Не подлежит сомнению, что кронпринц отправил письмо делового содержания советнику Шогиеньи. Это письмо касалось завещания, и его текст никаких споров вызывать не может. Но вот, например, появилось в печати письмо Рудольфа к герцогу Браганцскому: «Дорогой друг, я не мог поступить иначе. Будь счастлив. Servus. Твой Рудольф». Венское приветствие «Servus», имеющее характер жаргонно-веселый (нечто вроде советского «пока», хоть и с несколько иным оттенком), могло бы свидетельствовать либо о весело-циничном настроении эрцгерцога в его последние минуты (по подобию кирилловского «жантильом-семинарист рюсс»), либо о душевном помрачении, либо о том и другом одновременно — именно как у Кириллова. Вдобавок, у Рудольфа не было никаких оснований писать герцогу Браганцскому, с которым он не был особенно дружен.
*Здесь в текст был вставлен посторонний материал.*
Definition rho_entry (s : C) (m : 'I_9 -> C) (i j : nat) : C :=
  match i, j with
  | 0, 0 => 4%:R^-1 + 2%:R * s * (m (o9 3) + m (o9 4) + m (o9 5) + m (o9 6) + m (o9 7))
  | 1, 1 => 4%:R^-1 + 2%:R * s * (m (o9 0) + m (o9 1) + m (o9 2) + m (o9 6) + m (o9 7))
  | 2, 2 => 2%:R^-1 + 2%:R * s * (m (o9 0) + m (o9 1) + m (o9 2) + m (o9 3) + m (o9 4) + m (o9 5))
  | 1, 2 => 2%:R * s * (m (o9 1) - m (o9 0)) + w * (2%:R * s * (m (o9 1) - m (o9 2)))
  | 2, 1 => 2%:R * s * (m (o9 2) - m (o9 0)) + w * (2%:R * s * (m (o9 2) - m (o9 1)))
  | 2, 0 => 2%:R * s * (m (o9 4) - m (o9 3)) + w * (2%:R * s * (m (o9 4) - m (o9 5)))
  | 0, 2 => 2%:R * s * (m (o9 5) - m (o9 3)) + w * (2%:R * s * (m (o9 5) - m (o9 4)))
  | 0, 1 => 2%:R * s * (m (o9 7) - m (o9 6)) + w * (4%:R^-1 + 2%:R * s * m (o9 7))
  | 1, 0 => - (4%:R^-1 + 2%:R * s * m (o9 6)) - w * (4%:R^-1 + 2%:R * s * m (o9 7))
  | _, _ => 0
  end.

Definition rho_mx (s : C) (m : 'I_9 -> C) : 'M[C]_3 := \matrix_(i < 3, j < 3) rho_entry s m i j.

Lemma rho_explicit (s : C) (m : 'I_9 -> C) : rho_of (pvec s m) = rho_mx s m.
Proof.
apply/matrixP => i j; rewrite /rho_of summxE sum9 !scalemx_entry !Pi_coord /pvec !mxE /=.
case: i => [[|[|[|//]]] lti]; case: j => [[|[|[|//]]] ltj];
  by rewrite /sic_coord /sic_coord_conj /rho_entry /=; field: (omega_sqr C).
Qed.

End HesseRho.

Section RhoInvariants.
Variable C : numClosedFieldType.
(* For each integer $n\geq 3$, the variety $\mathbb{X}$ of $n$-solvable groups (groups whose derived series reaches the trivial group in at most $n$ steps) is action accessible and admits normalizers, but is not weakly action representable.
   Context: A split extension with kernel $X$ is a diagram $X\xrightarrow{\kappa}A\underset{\beta}{\overset{\alpha}{\rightleftarrows}}B$ with $\kappa$ the kernel of $\alpha$ and $\alpha\beta=1_B$; morphisms of split extensions with kernel $X$ are triples of morphisms commuting with all structure maps and equal to $1_X$ on kernels. A split extension with kernel $X$ is faithful if every split extension with kernel $X$ admits at most one morphism into it; the category is action accessible if every split extension with kernel $X$ admits a morphism into a faithful one, for every $X$. The category admits normalizers if every monomorphism $f:W\to X$ has a universal factorization $f=mn$ with $n$ a normal monomorphism and $m$ a monomorphism (terminal among such factorizations). For an object $X$, $\mathrm{SplExt}(-,X)$ is the functor sending $B$ to the set of isomorphism classes of split extensions of $B$ with kernel $X$, acting on morphisms by pullback; the category is weakly action representable if for each $X$ there is an object $M$ and a monomorphism of functors $\mathrm{SplExt}(-,X)\to\hom(-,M)$. *)

Set Implicit Arguments.
Unset Strict Implicit.

Record group := Group {
  gcar :> Type;
  gmul : gcar -> gcar -> gcar;
  gone : gcar;
  ginv : gcar -> gcar;
  gassoc : forall x y z, gmul x (gmul y z) = gmul (gmul x y) z;
  gmul1 : forall x, gmul gone x = x;
  gmulV : forall x, gmul (ginv x) x = gone }.

Arguments gmul {g} _ _.
Arguments gone {g}.
Arguments ginv {g} _.

Inductive gen (G : group) (S : G -> Prop) : G -> Prop :=
| gen_in : forall x, S x -> gen S x
| gen_one : gen S gone
| gen_mul : forall x y, gen S x -> gen S y -> gen S (gmul x y)
| gen_inv : forall x, gen S x -> gen S (ginv x).

Definition comm (G : group) (x y : G) : G :=
  gmul (gmul (ginv x) (ginv y)) (gmul x y).

Fixpoint derived (G : group) (k : nat) : G -> Prop :=
  match k with
  | O => fun _ => True
  | Datatypes.S k => @gen G (fun z : G => exists x y : G,
                     @derived G k x /\ @derived G k y /\ z = @comm G x y)
  end.

Definition n_solvable (n : nat) (G : group) : Prop :=
  forall x : G, @derived G n x -> x = gone.

Record hom (G H : group) := Hom {
  hfun :> G -> H;
  hmulP : forall x y, hfun (gmul x y) = gmul (hfun x) (hfun y) }.

Definition hcomp (G H K : group) (g : hom H K) (f : hom G H) : hom G K.
Proof.
  refine (@Hom G K (fun x => g (f x)) _).
  intros x y; rewrite (hmulP f), (hmulP g); reflexivity.
Defined.

Definition hid (G : group) : hom G G.
Proof. refine (@Hom G G (fun x => x) _). reflexivity. Defined.

Definition hzero (G H : group) : hom G H.
Proof. refine (@Hom G H (fun _ => gone) _). intros; rewrite gmul1; reflexivity. Defined.

Definition heq (G H : group) (f g : hom G H) : Prop := forall x, f x = g x.

Record obj (n : nat) := Obj { ogrp :> group; osolv : n_solvable n ogrp }.

Definition is_mono (n : nat) (W Y : obj n) (f : hom W Y) : Prop :=
  forall (T : obj n) (g h : hom T W), heq (hcomp f g) (hcomp f h) -> heq g h.

Definition is_kernel (n : nat) (K A B : obj n) (k : hom K A) (p : hom A B) : Prop :=
  heq (hcomp p k) (hzero K B) /\
  forall (T : obj n) (g : hom T A), heq (hcomp p g) (hzero T B) ->
    exists w : hom T K, heq (hcomp k w) g /\
      forall w' : hom T K, heq (hcomp k w') g -> heq w' w.

Definition is_normal_mono (n : nat) (W Y : obj n) (f : hom W Y) : Prop :=
  exists (Z : obj n) (p : hom Y Z), is_kernel f p.
(* Let $\mathbb J=\mathbb N\times(\mathbb N\cup\{\infty\})$ ordered by $(j,k)\le(m,n)$ iff either ($j=m$ and $k\le n$) or ($n=\infty$ and $k\le m$), and let $X=(\mathbb J,\sigma(\mathbb J))$ carry the Scott topology. Then $X$ is a $d$-space, $Q(X)=Q_s(X)$, and $X$ is neither well-filtered nor $s$-well-filtered. In particular, a $d$-space need not be $s$-well-filtered.
   Context: A subset $U$ of a poset is Scott open if it is an upper set and for every directed $D$ with existing supremum, $\bigvee D\in U$ implies $D\cap U\neq\emptyset$. A $T_0$ space is a $d$-space if it is a dcpo in its specialization order and every open set is Scott open. $Q(X)$: nonempty compact saturated sets; $Q_s(X)$: nonempty strongly compact saturated sets, where $A$ is strongly compact if for every open $U\supseteq A$ there is finite $F$ with $A\subseteq\uparrow F\subseteq U$. A family is filtered if nonempty and any two members contain a third. $X$ is well-filtered (resp. $s$-well-filtered) if for every open $U$ and filtered $\mathcal K\subseteq Q(X)$ (resp. $\subseteq Q_s(X)$), $\bigcap\mathcal K\subseteq U$ implies $K\subseteq U$ for some $K\in\mathcal K$. *)

From Stdlib Require Import List Arith.

Definition pset (T : Type) := T -> Prop.

Section Order.
Variable (T : Type) (le : T -> T -> Prop).

Definition upper_set (U : pset T) : Prop :=
  forall x y, U x -> le x y -> U y.

Definition directed (D : pset T) : Prop :=
  (exists d, D d) /\
  forall a b, D a -> D b -> exists c, D c /\ le a c /\ le b c.

Definition is_sup (D : pset T) (s : T) : Prop :=
  (forall d, D d -> le d s) /\
  (forall u, (forall d, D d -> le d u) -> le s u).

Definition scott_open (U : pset T) : Prop :=
  upper_set U /\
  forall D s, directed D -> is_sup D s -> U s -> exists d, D d /\ U d.

Definition dcpo : Prop :=
  forall D, directed D -> exists s, is_sup D s.
End Order.

Section Top.
Variable (T : Type) (O : pset (pset T)).

Definition subset (A B : pset T) : Prop := forall x, A x -> B x.

Definition spec (x y : T) : Prop := forall U, O U -> U x -> U y.

Definition T0 : Prop := forall x y, spec x y -> spec y x -> x = y.

Definition d_space : Prop :=
  T0 /\ dcpo T spec /\ forall U, O U -> scott_open T spec U.

Definition up_list (F : list T) : pset T :=
  fun y => exists x, In x F /\ spec x y.

Definition compact (A : pset T) : Prop :=
  forall C : pset (pset T),
    (forall U, C U -> O U) ->
    (forall x, A x -> exists U, C U /\ U x) ->
    exists l : list (pset T),
      (forall U, In U l -> C U) /\ (forall x, A x -> exists U, In U l /\ U x).

Definition saturated (A : pset T) : Prop :=
  forall x, (forall U, O U -> subset A U -> U x) -> A x.

Definition strongly_compact (A : pset T) : Prop :=
  forall U, O U -> subset A U ->
    exists F : list T, subset A (up_list F) /\ subset (up_list F) U.

Definition inQ (A : pset T) : Prop :=
  (exists x, A x) /\ compact A /\ saturated A.

Definition inQs (A : pset T) : Prop :=
  (exists x, A x) /\ strongly_compact A /\ saturated A.

Definition filtered (K : pset (pset T)) : Prop :=
  (exists A, K A) /\
  forall A B, K A -> K B -> exists C, K C /\ subset C A /\ subset C B.

Definition bigcap (K : pset (pset T)) : pset T := fun x => forall A, K A -> A x.

Definition well_filtered : Prop :=
  forall U (K : pset (pset T)), O U -> (forall A, K A -> inQ A) -> filtered K ->
    subset (bigcap K) U -> exists A, K A /\ subset A U.

Definition s_well_filtered : Prop :=
  forall U (K : pset (pset T)), O U -> (forall A, K A -> inQs A) -> filtered K ->
    subset (bigcap K) U -> exists A, K A /\ subset A U.
End Top.

(* ---------- The poset J = N x (N ∪ {∞}); None stands for ∞ ---------- *)
Definition J := (nat * option nat)%type.

Definition le_inf (k n : option nat) : Prop :=
  match k, n with
  | _, None => True
  | Some a, Some b => a <= b
  | None, Some _ => False
  end.

Definition leJ (a b : J) : Prop :=
  let (j, k) := a in let (m, n) := b in
  (j = m /\ le_inf k n) \/ (n = None /\ le_inf k (Some m)).

Definition scottJ : pset (pset J) := scott_open J leJ.

(** A directed subset of [J] either has a greatest element or is a cofinal
    part of a column [{q} × N], whose supremum is [(q, ∞)].  Hence [J] is a
    dcpo, and its Scott-open sets are the upper sets [U] containing some
    [(q, n)] whenever they contain [(q, ∞)].  Such a [U] contains every
    [(p, ∞)] with [p >= k] as soon as it contains one finite point [(j, k)],
    so a set is compact exactly when its finite points lie in finitely many
    columns, and then it is even strongly compact: it lies above its column
    minima, a finite point of [U] and finitely many maximal points.  The
    tails [{(p, ∞) | p >= n}] are therefore strongly compact; they form a
    filtered family with empty intersection, none of whose members lies in
    the empty open set. *)

From Stdlib Require Import List Arith Lia Wf_nat Classical FunctionalExtensionality PropExtensionality.

Lemma finite_choice {A B : Type} (S : B -> Prop) (R : A -> B -> Prop) (l : list A) :
  exists F : list B, (forall b, In b F -> S b) /\
    forall a, In a l -> (exists b, S b /\ R a b) -> exists b, In b F /\ R a b.
Proof.
  induction l as [|a l [F [HS HR]]].
  - exists nil. split; intros ? [].
  - destruct (classic (exists b, S b /\ R a b)) as [[b [Sb Rab]]|Hno].
    + exists (b :: F). split.
      * intros b' [<-|Fb']; auto.
      * intros a' [<-|la'] Hex; [exists b; simpl; auto|].
        destruct (HR a' la' Hex) as [b' [Fb' Rb']]. exists b'; simpl; auto.
    + exists F. split; auto. intros a' [<-|la'] Hex; [contradiction|auto].
Qed.

Lemma nat_bounded_max (P : nat -> Prop) n :
  (forall k, P k -> k < n) -> (exists k, P k) ->
  exists m, P m /\ forall k, P k -> k <= m.
Proof.
  induction n as [|n IH]; intros Hbound [k Pk].
  - specialize (Hbound k Pk). lia.
  - destruct (classic (P n)) as [Pn|Pn].
    + exists n. split; auto. intros k' Pk'. specialize (Hbound k' Pk'). lia.
    + apply IH; eauto. intros k' Pk'. specialize (Hbound k' Pk').
      assert (k' <> n) by (intros ->; contradiction). lia.
Qed.

Lemma nat_min (P : nat -> Prop) n : P n -> exists m, P m /\ forall k, P k -> m <= k.
Proof.
  intros Pn.
  destruct (dec_inh_nat_subset_has_unique_least_element P (fun k => classic (P k)))
    as [m [[Pm Hmin] _]]; eauto.
Qed.

Section ScottTopology.
Variables (T : Type) (le : T -> T -> Prop).

Lemma is_sup_greatest (D : pset T) g :
  D g -> (forall d, D d -> le d g) -> is_sup T le D g.
Proof. intros Dg Hg. split; auto. Qed.

Lemma is_sup_unique (D : pset T) s t :
  (forall x y, le x y -> le y x -> x = y) ->
  is_sup T le D s -> is_sup T le D t -> s = t.
Proof. intros antisym [Hs Ls] [Ht Lt]. apply antisym; auto. Qed.

Lemma scott_open_union (C : pset (pset T)) :
  (forall U, C U -> scott_open T le U) ->
  scott_open T le (fun x => exists U, C U /\ U x).
Proof.
  intros HC. split.
  - intros x y [U [CU Ux]] Hxy. exists U. split; auto. exact (proj1 (HC U CU) x y Ux Hxy).
  - intros D s Hdir Hsup [U [CU Us]].
    destruct (proj2 (HC U CU) D s Hdir Hsup Us) as [d [Dd Ud]]. eauto.
Qed.

Hypothesis le_trans : forall x y z, le x y -> le y z -> le x z.

Lemma scott_open_not_below y : scott_open T le (fun z => ~ le z y).
Proof.
  split.
  - intros a b Ha Hab Hb. apply Ha. eauto.
  - intros D s _ [_ Hlub] Hs. apply NNPP. intros Hno. apply Hs, Hlub.
    intros d Dd. apply NNPP. intros Hd. eauto.
Qed.

Hypothesis le_refl : forall x, le x x.

Lemma spec_scott : spec T (scott_open T le) = le.
Proof.
  apply functional_extensionality; intros x.
  apply functional_extensionality; intros y.
  apply propositional_extensionality. split.
  - intros Hxy. apply NNPP. intros Hn.
    exact (Hxy _ (scott_open_not_below y) Hn (le_refl y)).
  - intros Hxy U [Hup _] Ux. eauto.
Qed.

Lemma saturated_scott (A : pset T) :
  saturated T (scott_open T le) A <-> upper_set T le A.
Proof.
  split.
  - intros Hsat x y Ax Hxy. apply Hsat. intros U [Hup _] HAU. eauto.
  - intros Hup x Hx. apply NNPP. intros Ax.
    apply (Hx _ (scott_open_not_below x)); [|apply le_refl].
    intros a Aa Hax. eauto.
Qed.

Lemma dcpo_scott_d_space :
  (forall x y, le x y -> le y x -> x = y) -> dcpo T le -> d_space T (scott_open T le).
Proof.
  intros antisym Hdcpo. unfold d_space, T0. rewrite spec_scott. auto.
Qed.

End ScottTopology.

Section Compactness.
Variables (T : Type) (O : pset (pset T)).

Lemma up_list_subset (F : list T) U :
  O U -> (forall x, In x F -> U x) -> subset T (up_list T O F) U.
Proof. intros HU HF y [x [Fx Hxy]]. exact (Hxy U HU (HF x Fx)). Qed.

Lemma strongly_compact_compact (A : pset T) :
  (forall C, (forall U, C U -> O U) -> O (fun x => exists U, C U /\ U x)) ->
  strongly_compact T O A -> compact T O A.
Proof.
  intros Hunion Hsc C HC Hcov.
  destruct (Hsc _ (Hunion C HC) Hcov) as [F [HAF HFU]].
  destruct (finite_choice C (fun x U => U x) F) as [l [HlC Hl]].
  exists l. split; auto.
  intros a Aa. destruct (HAF a Aa) as [x [Fx Hxa]].
  assert (Hx : exists U, C U /\ U x) by (apply HFU; exists x; split; auto; intros U _ Ux; exact Ux).
  destruct (Hl x Fx Hx) as [U [lU Ux]].
  exists U. split; auto. exact (Hxa U (HC U (HlC U lU)) Ux).
Qed.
Гораздо достовернее текст предсмертных писем Марии Вечера. Однако ее письмо к матери дошло до нас в двух вариантах. Первый вариант: «Дорогая мама, прости мне то, что я делаю. Я не могу противиться любви. Хочу быть с ним похороненной на Алландском кладбище{12}. Я счастливее в смерти, чем в жизни». Второй вариант: «Дорогая мама, я умираю с Рудольфом. Мы слишком любим друг друга. Прости нас и живи счастливо. Твоя несчастная Мария. Как чудесно свистел сегодня Братфиш!» Последние слова второго варианта тоже как будто указывают на душевное расстройство. Сестре она писала: «Мы с восторгом уходим в тот таинственный мир. Думай иногда обо мне. Будь счастлива, выходи замуж не иначе как по любви. Я этого не могла сделать, а так как бороться с любовью я не могла, то ухожу с ним. Мария. — Не плачь, я счастлива. Помнишь линию жизни на моей руке? Еще раз прощай. Каждый год, 13 января, приноси цветы на мою могилу».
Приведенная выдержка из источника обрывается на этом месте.